### Exercise goal
All of the records need to be retyped exactly, with no line dropped.

== Segment start ==

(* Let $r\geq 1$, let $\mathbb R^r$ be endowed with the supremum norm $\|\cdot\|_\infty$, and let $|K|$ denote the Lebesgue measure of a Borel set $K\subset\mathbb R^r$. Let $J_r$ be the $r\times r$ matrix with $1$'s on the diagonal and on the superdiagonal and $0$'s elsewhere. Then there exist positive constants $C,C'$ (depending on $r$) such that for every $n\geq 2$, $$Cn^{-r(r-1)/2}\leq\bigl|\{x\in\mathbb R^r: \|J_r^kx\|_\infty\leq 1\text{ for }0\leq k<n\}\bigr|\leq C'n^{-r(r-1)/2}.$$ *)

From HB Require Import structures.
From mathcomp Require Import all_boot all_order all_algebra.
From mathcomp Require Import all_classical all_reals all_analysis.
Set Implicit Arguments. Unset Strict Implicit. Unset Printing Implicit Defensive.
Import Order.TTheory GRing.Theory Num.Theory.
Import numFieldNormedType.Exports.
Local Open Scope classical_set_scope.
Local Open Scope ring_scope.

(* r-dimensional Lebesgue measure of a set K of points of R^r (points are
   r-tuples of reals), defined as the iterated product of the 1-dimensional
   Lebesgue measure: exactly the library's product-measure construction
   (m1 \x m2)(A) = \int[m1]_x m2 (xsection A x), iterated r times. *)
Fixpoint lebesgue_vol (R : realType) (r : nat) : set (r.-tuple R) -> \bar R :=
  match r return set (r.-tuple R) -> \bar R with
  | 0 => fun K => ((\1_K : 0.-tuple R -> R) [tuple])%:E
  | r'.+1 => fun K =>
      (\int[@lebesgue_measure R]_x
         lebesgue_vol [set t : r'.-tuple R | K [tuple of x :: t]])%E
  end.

== Segment end ==

### Exercise result
(* Let $r\geq 1$, let $\mathbb R^r$ be endowed with the supremum norm $\|\cdot\|_\infty$, and let $|K|$ denote the Lebesgue measure of a Borel set $K\subset\mathbb R^r$. Let $J_r$ be the $r\times r$ matrix with $1$'s on the diagonal and on the superdiagonal and $0$'s elsewhere. Then there exist positive constants $C,C'$ (depending on $r$) such that for every $n\geq 2$, $$Cn^{-r(r-1)/2}\leq\bigl|\{x\in\mathbb R^r: \|J_r^kx\|_\infty\leq 1\text{ for }0\leq k<n\}\bigr|\leq C'n^{-r(r-1)/2}.$$ *)

From HB Require Import structures.
From mathcomp Require Import all_boot all_order all_algebra.
From mathcomp Require Import all_classical all_reals all_analysis.
Set Implicit Arguments. Unset Strict Implicit. Unset Printing Implicit Defensive.
Import Order.TTheory GRing.Theory Num.Theory.
Import numFieldNormedType.Exports.
Local Open Scope classical_set_scope.
Local Open Scope ring_scope.

(* r-dimensional Lebesgue measure of a set K of points of R^r (points are
   r-tuples of reals), defined as the iterated product of the 1-dimensional
   Lebesgue measure: exactly the library's product-measure construction
   (m1 \x m2)(A) = \int[m1]_x m2 (xsection A x), iterated r times. *)
Fixpoint lebesgue_vol (R : realType) (r : nat) : set (r.-tuple R) -> \bar R :=
  match r return set (r.-tuple R) -> \bar R with
  | 0 => fun K => ((\1_K : 0.-tuple R -> R) [tuple])%:E
  | r'.+1 => fun K =>
      (\int[@lebesgue_measure R]_x
         lebesgue_vol [set t : r'.-tuple R | K [tuple of x :: t]])%E
  end.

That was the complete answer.